The Indian flag is all set to mark its presence on the lunar surface for the first time on Friday as a moon probe with the tri-colour painted on it will detach from Chandrayaan-1 and descend onto the lunar surface.
       
"The Moon [Images] Impact Probe is expected to be detached from Chandrayaan-1 at around 1000 hrs on Friday," Indian Space Research Organisation spokesperson S Satish told PTI.
       
Miniature Indian flags are painted on four sides of the MIP. "It will signify the entry of India on the Moon," Satish said. "During its 20-minute descent to the moon's surface, the MIP will take pictures and transmit these back to the ground," he said.
       
The MIP is one of the 11 scientific instruments onboard Chandrayaan-1, India's first unmanned spacecraft mission to Moon launched on October 22.
 
The spacecraft reached its final orbital home on Wednesday, about 100 kms over the moon surface after ISRO scientists successfully carried out the last critical orbit lowering operation.
    
Developed by ISRO's Vikram Sarabhai Space Centre of Thiruvananthapuram, the primary objective of MIP is to demonstrate the technologies required for landing a probe at the desired location on the moon.
    
The probe will help qualify some of the technologies related to future soft landing missions. This apart, scientific exploration of the moon at close distance is also intended using MIP.

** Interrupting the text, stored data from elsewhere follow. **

(* Let $H=\{h_1,h_2,h_3\}$ with $\kappa_{h}=2$ for all $h\in H$, $D=\{f,m,s_1,s_2,s_3,s_4\}$ with single doctors $S=\{s_1,s_2,s_3,s_4\}$ and unique couple $c=\{f,m\}$. Suppose the hospitals' preferences over individual doctors are (best first, $\emptyset$ last): $\tilde P_{h_1}: s_3,s_4,s_1,f,m,s_2$; $\tilde P_{h_2}: s_4,s_3,f,m,s_1,s_2$; $\tilde P_{h_3}: s_3,s_4,m,f,s_1,s_2$, with each $P_h$ an arbitrary responsive extension of $\tilde P_h$ to feasible sets. Suppose the doctors' preferences are (best first, $\emptyset$ last): $P_{s_1}: h_2,h_1,h_3$; $P_{s_2}: h_3,h_1,h_2$; $P_{s_3}: h_1,h_2,h_3$; $P_{s_4}: h_2,h_1,h_3$; $P_f: h_1,h_3,h_2$; $P_m: h_2,h_1,h_3$; and the couple's preference $P_c$ ranks $(h_1,h_2),(h_1,h_1),(h_1,h_3),(h_3,h_3),(h_3,h_2),(h_3,h_1),(h_2,h_2),(h_2,h_1),(h_2,h_3)$ in this order, followed by all pairs in $\bar H^2\setminus H^2$ (in any order). Then no stable matching exists at this preference profile.
   Context: Standing model. Let $H$ be a finite set of hospitals with $|H|\ge 2$; each $h\in H$ has a capacity $\kappa_h\in\mathbb{N}$ with $\kappa_h\ge 2$. Write $\bar H=H\cup\{\emptyset\}$, where being assigned $\emptyset$ means being unmatched. The finite set of doctors is $D=F\cup M\cup S$ (pairwise disjoint), with $F=\{f_1,\dots,f_k\}$, $M=\{m_1,\dots,m_k\}$, $k\ge 1$; the set of couples is $C=\{\{f_1,m_1\},\dots,\{f_k,m_k\}\}$, and doctors in $S$ are called single doctors. Assume $|D|\ge 4$ and $\sum_{h\in H}\kappa_h=|D|$. A matching is a map $\mu$ assigning to each $h\in H$ a set $\mu(h)\subseteq D$ with $|\mu(h)|\le\kappa_h$ and to each doctor $d$ an element $\mu(d)\in\bar H$, such that $\mu(d)=h$ iff $d\in\mu(h)$; for a couple $c=\{f,m\}$ write $\mu(c)=(\mu(f),\mu(m))$. For a set $X$, $\mathbb{L}(X)$ is the set of strict linear orders (preferences) on $X$; for a preference $P$, $R$ denotes its reflexive version ($xRy$ iff $x=y$ or $xPy$), and $r_1(P)$ its top element. Each hospital $h$ has a preference $\tilde P_h\in\mathbb{L}(D\cup\{\emptyset\})$ over individual doctors with $d\,\tilde P_h\,\emptyset$ for all $d\in D$, and a preference $P_h$ over the feasible sets $\{D'\subseteq D:|D'|\le\kappa_h\}$ that is responsive with respect to $\tilde P_h$: (i) on singletons and $\emptyset$, $P_h$ agrees with $\tilde P_h$; (ii) for all $D'\subsetneq D$ and all $D_1,D_2\subseteq D\setminus D'$ with $|D'\cup D_1|\le\kappa_h$, $|D'\cup D_2|\le\kappa_h$: $(D'\cup D_1)\,P_h\,(D'\cup D_2)$ iff $D_1\,P_h\,D_2$. Each doctor $d\in D$ has a preference $P_d\in\mathbb{L}(\bar H)$ with $h\,P_d\,\emptyset$ for all $h\in H$. Each couple $c=\{f,m\}$ has a preference $P_c\in\mathbb{L}(\bar H^2)$, where the pair $(h,h')$ means $f$ is assigned $h$ and $m$ is assigned $h'$; every pair in $H^2$ is preferred under $P_c$ to every pair in $\bar H^2\setminus H^2$. A preference profile consists of such preferences for all doctors, all couples and all hospitals. Blocking and stability. At a matching $\mu$, hospital $h$ is interested in a set $D'\subseteq D$ if there is $D''\subseteq\mu(h)$ with $|(\mu(h)\setminus D'')\cup D'|\le\kappa_h$ and $((\mu(h)\setminus D'')\cup D')\,P_h\,\mu(h)$. A pair $(h,s)$ with $h\in H$, $s\in S$ blocks $\mu$ if $h\,P_s\,\mu(s)$ and $h$ is interested in $\{s\}$. For a couple $c=\{f,m\}$ and $h_f,h_m\in H$, $((h_f,h_m),c)$ blocks $\mu$ if $(h_f,h_m)\,P_c\,\mu(c)$ and: (i) if $h_f\ne h_m$, $\mu(f)\ne h_f$ and $\mu(m)\ne h_m$, then $h_f$ is interested in $\{f\}$ and $h_m$ is interested in $\{m\}$; (ii) if $h_f\ne h_m$ and, for $\{x,y\}=\{f,m\}$, $\mu(x)=h_x$ and $\mu(y)\neq h_y$, then $h_y$ is interested in $\{y\}$; (iii) if $h_f=h_m=h$, then $h$ is interested in $\{f,m\}$. A matching is stable if it is blocked by no such pair. *)

From mathcomp Require Import all_boot.
Set Implicit Arguments. Unset Strict Implicit. Unset Printing Implicit Defensive.

(* Hospitals h1,h2,h3 are the ordinals 0,1,2 of 'I_3.
   Doctors: f = 0, m = 1, s1 = 2, s2 = 3, s3 = 4, s4 = 5 in 'I_6.
   Being unmatched (emptyset) is [None : option Hosp]. *)
Definition Hosp := 'I_3.
Definition Doc := 'I_6.

Definition kappa : nat := 2.

Definition fD : Doc := @Ordinal 6 0 isT.
Definition mD : Doc := @Ordinal 6 1 isT.
Definition isSingle (d : Doc) : bool := 2 <= val d.

Definition hlist (h : Hosp) : seq nat :=
  match val h with
  | 0 => [:: 4; 5; 2; 0; 1; 3]
  | 1 => [:: 5; 4; 0; 1; 2; 3]
  | _ => [:: 4; 5; 1; 0; 2; 3]
  end.
Definition hrank (h : Hosp) (d : Doc) : nat := index (val d) (hlist h).

Definition tildeP (h : Hosp) (x y : option Doc) : bool :=
  match x, y with
  | Some d, Some d' => hrank h d < hrank h d'
  | Some _, None => true
  | None, _ => false
  end.

Definition setof (x : option Doc) : {set Doc} :=
  match x with Some d => [set d] | None => set0 end.

Definition feasible (A : {set Doc}) : bool := #|A| <= kappa.

Definition responsive_pref (h : Hosp) (P : rel {set Doc}) : Prop :=
  [/\ (forall A, feasible A -> ~~ P A A),
      (forall A B C, feasible A -> feasible B -> feasible C ->
          P A B -> P B C -> P A C),
      (forall A B, feasible A -> feasible B -> A != B -> P A B || P B A),
      (forall x y : option Doc, P (setof x) (setof y) = tildeP h x y) &
      (forall D' D1 D2 : {set Doc}, D' \proper [set: Doc] ->
          [disjoint D1 & D'] -> [disjoint D2 & D'] ->
          feasible (D' :|: D1) -> feasible (D' :|: D2) ->
          P (D' :|: D1) (D' :|: D2) = P D1 D2)].

Definition dlist (d : Doc) : seq nat :=
  match val d with
  | 0 => [:: 0; 2; 1]
  | 1 => [:: 1; 0; 2]
  | 2 => [:: 1; 0; 2]
  | 3 => [:: 2; 0; 1]
  | 4 => [:: 0; 1; 2]
  | _ => [:: 1; 0; 2]
  end.
Definition drank (d : Doc) (o : option Hosp) : nat :=
  match o with None => 3 | Some h => index (val h) (dlist d) end.
Definition dprefers (d : Doc) (a b : option Hosp) : bool := drank d a < drank d b.

(* The couple's ranking of H^2 (pairs (h_f, h_m)), best first. *)
Definition clist : seq (nat * nat) :=
  [:: (0,1); (0,0); (0,2); (2,2); (2,1); (2,0); (1,1); (1,0); (1,2)].
Definition crank (a b : Hosp) : nat := index (val a, val b) clist.

Definition inH2 (x : option Hosp * option Hosp) : bool :=
  (x.1 != None) && (x.2 != None).

Definition couple_pref (Pc : rel (option Hosp * option Hosp)) : Prop :=
  [/\ (forall x, ~~ Pc x x),
      (forall x y z, Pc x y -> Pc y z -> Pc x z),
      (forall x y, x != y -> Pc x y || Pc y x),
      (forall a1 a2 b1 b2 : Hosp,
          Pc (Some a1, Some a2) (Some b1, Some b2) = (crank a1 a2 < crank b1 b2)) &
      (forall x y, inH2 x -> ~~ inH2 y -> Pc x y)].

Definition assigned (mu : Doc -> option Hosp) (h : Hosp) : {set Doc} :=
  [set d | mu d == Some h].

Definition is_matching (mu : Doc -> option Hosp) : Prop :=
  forall h, #|assigned mu h| <= kappa.

Definition interested (PH : Hosp -> rel {set Doc}) (mu : Doc -> option Hosp)
    (h : Hosp) (D' : {set Doc}) : Prop :=
  exists D'' : {set Doc},
    [/\ D'' \subset assigned mu h,
        #|(assigned mu h :\: D'') :|: D'| <= kappa &
        PH h ((assigned mu h :\: D'') :|: D') (assigned mu h)].

Definition single_blocks PH mu (h : Hosp) (s : Doc) : Prop :=
  [/\ isSingle s, dprefers s (Some h) (mu s) & interested PH mu h [set s]].

Definition couple_blocks PH (Pc : rel (option Hosp * option Hosp)) mu
    (hf hm : Hosp) : Prop :=
  [/\ Pc (Some hf, Some hm) (mu fD, mu mD),
      (hf != hm -> mu fD != Some hf -> mu mD != Some hm ->
          interested PH mu hf [set fD] /\ interested PH mu hm [set mD]),
      (hf != hm -> mu fD = Some hf -> mu mD != Some hm ->
          interested PH mu hm [set mD]),
      (hf != hm -> mu mD = Some hm -> mu fD != Some hf ->
          interested PH mu hf [set fD]) &
      (hf = hm -> interested PH mu hf [set fD; mD])].

Definition stable PH Pc mu : Prop :=
  is_matching mu /\
  (forall h s, ~ single_blocks PH mu h s) /\
  (forall hf hm, ~ couple_blocks PH Pc mu hf hm).

From mathcomp Require Import all_boot.
From Stdlib Require Import FunctionalExtensionality.
Set Implicit Arguments. Unset Strict Implicit. Unset Printing Implicit Defensive.

(* Responsiveness reduces a hospital's interest to two concrete moves: with a
   free seat it takes any further doctor, and when full it swaps out a doctor it
   ranks below the newcomer.  Both are decided by the rankings over individual
   doctors alone, whatever responsive extension P_h is chosen, and the couple's
   comparisons needed are fixed by its ranking of H^2.  A computation over all
   4^6 ways of assigning the six doctors to h1, h2, h3 or unemployment then shows
   that every assignment respecting the capacities is blocked by one of these
   moves. *)

Lemma responsive_exchange h (P : rel {set Doc}) (B : {set Doc}) (x : Doc)
    (y : option Doc) :
  responsive_pref h P -> #|B| <= 1 -> x \notin B -> [disjoint setof y & B] ->
  P (B :|: [set x]) (B :|: setof y) = tildeP h (Some x) y.
Proof.
move=> HP cardB xB yB; case: HP => _ _ _ P_single P_resp.
have card_setof : #|setof y| <= 1 by case: y {yB} => [d|]; rewrite ?cards1 ?cards0.
rewrite -(P_single (Some x) y) P_resp //.
- by rewrite properEcard subsetT cardsT card_ord (leq_ltn_trans cardB).
- by rewrite disjoints1.
- by rewrite /feasible setUC cardsU1 (negPf xB) add1n ltnS.
- by rewrite /feasible (leq_trans (leq_card_setU _ _)) // (leq_add cardB card_setof).
Qed.

(* Explicit enumerations: [enum 'I_n] and finsets evaluate very slowly under
   [vm_compute]. *)
Definition docs : seq Doc :=
  [:: @Ordinal 6 0 isT; @Ordinal 6 1 isT; @Ordinal 6 2 isT;
      @Ordinal 6 3 isT; @Ordinal 6 4 isT; @Ordinal 6 5 isT].
Definition hosps : seq Hosp := [:: @Ordinal 3 0 isT; @Ordinal 3 1 isT; @Ordinal 3 2 isT].

Lemma enum_docs : enum Doc = docs.
Proof. by apply: (inj_map val_inj); rewrite val_enum_ord. Qed.

Lemma mem_hosps (h : Hosp) : h \in hosps.
Proof. by case: h => [[|[|[|]]] ?]. Qed.

Definition load (mu : Doc -> option Hosp) (h : Hosp) : nat :=
  count (fun d => mu d == Some h) docs.

Lemma card_assigned mu h : #|assigned mu h| = load mu h.
Proof. by rewrite cardsE cardE /enum_mem -enumT enum_docs size_filter. Qed.

(* [k] is a partner already at [h], who must not be the doctor swapped out. *)
Definition admits mu (h : Hosp) (k : option Doc) (x : Doc) : bool :=
  (load mu h <= 1) ||
  has (fun d => [&& mu d == Some h, Some d != k & tildeP h (Some x) (Some d)]) docs.

Lemma interested_admits PH mu h k x :
  responsive_pref h (PH h) -> #|assigned mu h| <= kappa ->
  setof k \subset assigned mu h -> mu x != Some h -> admits mu h k x ->
  interested PH mu h (setof k :|: [set x]).
Proof.
move=> HP cardA kA xh.
have xA : x \notin assigned mu h by rewrite inE.
case/orP => [|/hasP[d _ /and3P[dh dk xd]]].
- rewrite -card_assigned => smallA.
  exists set0; rewrite setD0 setUA (setUidPl kA); split; first exact: sub0set.
    by rewrite setUC cardsU1 (negPf xA) add1n ltnS.
  rewrite -[X in PH h _ X]setU0 (responsive_exchange (y := None) HP smallA xA) //.
  by rewrite -setI_eq0 set0I.
- have dA : d \in assigned mu h by rewrite inE.
  have cardAd : #|assigned mu h :\ d| <= 1 by move: cardA; rewrite (cardsD1 d) dA.
  have kAd : setof k \subset assigned mu h :\ d.
    case: k dk kA => [k|] dk; last by move=> _; apply: sub0set.
    rewrite !sub1set !inE => kh; rewrite kh andbT.
    by apply: contraNneq dk => ->.
  exists [set d]; rewrite setUA (setUidPl kAd); split; first by rewrite sub1set.
    by rewrite setUC cardsU1; exact: leq_add (leq_b1 _) cardAd.
  rewrite -[X in PH h _ X](setD1K dA) [d |: _]setUC.
  rewrite (responsive_exchange (y := Some d) HP cardAd) //.
    by apply: contra xA; rewrite inE => /andP[].
  by rewrite disjoints1 !inE eqxx.
Qed.

Definition couple_prefers (hf hm : Hosp) (y : option Hosp * option Hosp) : bool :=
  if y is (Some a, Some b) then crank hf hm < crank a b else true.

Lemma couple_prefersP Pc hf hm y :
  couple_pref Pc -> couple_prefers hf hm y -> Pc (Some hf, Some hm) y.
Proof.
case=> _ _ _ Pc_rank Pc_H2; case: y => [[a|] [b|]] //= pref; first by rewrite Pc_rank.
all: exact: Pc_H2.
Qed.

(* Sufficient, not necessary, conditions for blocking; at this profile they
   already catch every matching. *)
Definition single_blockb mu (h : Hosp) (s : Doc) : bool :=
  [&& isSingle s, dprefers s (Some h) (mu s) & admits mu h None s].

Definition couple_blockb mu (hf hm : Hosp) : bool :=
  couple_prefers hf hm (mu fD, mu mD) &&
  if hf == hm then
    [&& mu fD == Some hf, mu mD != Some hf & admits mu hf (Some fD) mD] ||
    [&& mu mD == Some hf, mu fD != Some hf & admits mu hf (Some mD) fD]
  else ((mu fD == Some hf) || admits mu hf None fD) &&
       ((mu mD == Some hm) || admits mu hm None mD).

Section Soundness.

Variables (PH : Hosp -> rel {set Doc}) (mu : Doc -> option Hosp).
Hypotheses (HPH : forall h, responsive_pref h (PH h)) (Hmu : is_matching mu).

Lemma interested_set1 h x :
  (mu x == Some h) || admits mu h None x -> mu x != Some h ->
  interested PH mu h [set x].
Proof.
move=> + xh; rewrite (negPf xh) -(set0U [set x]).
exact: (interested_admits (k := None) (HPH h) (Hmu h) (sub0set _) xh).
Qed.

Lemma single_blockbP h s : single_blockb mu h s -> single_blocks PH mu h s.
Proof.
case/and3P=> single pref adm; split=> //.
apply: interested_set1; first by rewrite adm orbT.
by apply: contraTneq pref => ->; rewrite /dprefers ltnn.
Qed.

Lemma couple_blockbP Pc hf hm :
  couple_pref Pc -> couple_blockb mu hf hm -> couple_blocks PH Pc mu hf hm.
Proof.
move=> HPc /andP[]; case: eqVneq => [<- | hfm] /(couple_prefersP HPc) pref.
  move=> adm; split; rewrite ?eqxx //= => _.
  case/orP: adm => /and3P[kh xh adm].
    have kA : setof (Some fD) \subset assigned mu hf by rewrite sub1set inE.
    exact: (interested_admits (HPH hf) (Hmu hf) kA xh adm).
  have kA : setof (Some mD) \subset assigned mu hf by rewrite sub1set inE.
  by rewrite setUC; exact: (interested_admits (HPH hf) (Hmu hf) kA xh adm).
case/andP=> adm_f adm_m; split=> // [_ fh mh|_ _|_ _|].
- by split; [exact: interested_set1 adm_f fh | exact: interested_set1 adm_m mh].
- exact: interested_set1 adm_m.
- exact: interested_set1 adm_f.
- by move/eqP; rewrite (negPf hfm).
Qed.

End Soundness.

Definition matchingb mu : bool := all (fun h => load mu h <= kappa) hosps.

Definition blockedb mu : bool :=
  has (fun h => has (single_blockb mu h) docs) hosps ||
  has (fun hf => has (couple_blockb mu hf) hosps) hosps.

Definition hbar : seq (option Hosp) := None :: map Some hosps.

Fixpoint assignments (n : nat) : seq (seq (option Hosp)) :=
  if n is n'.+1 then [seq o :: w | o <- hbar, w <- assignments n'] else [:: [::]].

Lemma mem_hbar (o : option Hosp) : o \in hbar.
Proof. by case: o => [h|]; rewrite ?mem_head // in_cons map_f ?mem_hosps. Qed.

Lemma mem_assignments w : w \in assignments (size w).
Proof.
by elim: w => [//|o w IHw]; apply: (allpairs_f (@cons _)) IHw; apply: mem_hbar.
Qed.

Lemma assignments_blocked :
  all (fun w => let mu := fun d : Doc => nth None w d in matchingb mu ==> blockedb mu)
      (assignments 6).
Proof. by vm_compute. Qed.

Lemma matching_blocked mu : is_matching mu -> blockedb mu.
Proof.
move=> Hmu; set w := [seq mu d | d <- enum Doc].
have mu_w : (fun d : Doc => nth None w d) = mu.
  apply: functional_extensionality => d.
  by rewrite (nth_map d) ?size_enum_ord // nth_ord_enum.
have w_all : w \in assignments 6.
  by have := mem_assignments w; rewrite size_map size_enum_ord.
have := allP assignments_blocked w w_all; rewrite /= mu_w => /implyP; apply.
by apply/allP => h _; rewrite -card_assigned.
Qed.

Theorem mainTheorem9 (PH : Hosp -> rel {set Doc})
    (Pc : rel (option Hosp * option Hosp)) :
  (forall h, responsive_pref h (PH h)) ->
  couple_pref Pc ->
  ~ exists mu : Doc -> option Hosp, stable PH Pc mu.
Proof.
move=> HPH HPc [mu [Hmu [no_single no_couple]]].
case/orP: (matching_blocked Hmu) => /hasP[h _ /hasP[x _ block]].
- exact: no_single h x (single_blockbP HPH Hmu block).
- exact: no_couple h x (couple_blockbP HPH Hmu HPc block).
Qed.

The 29-kg MIP consists of a C-band Radar Altimeter for continuous measurement of altitude of the probe, a video imaging system for acquiring images of the surface of moon from the descending probe and a mass spectrometer for measuring the constituents of extremely thin lunar atmosphere during its 20-minute descent to the lunar surface.
       
ISRO officials are confident that the MIP would withstand the impact once it hits the lunar surface. "Most probably it will not disintegrate," an ISRO official said.
       
From the operational circular orbit of about 100 km height passing over the polar regions of the moon, it is intended to conduct chemical, mineralogical and photo geological mapping of the moon with Chandrayaan's 11 scientific instruments.
        
Two of those 11 payloads--Terrain Mapping Camera and Radiation Dose Monitor -- have already been successfully switched on. The TMC has successfully taken the pictures of Earth and the Moon.
       
After the release of the MIP on Friday, the other scientific instruments would be turned on sequentially leading to the normal phase of the two-year mission.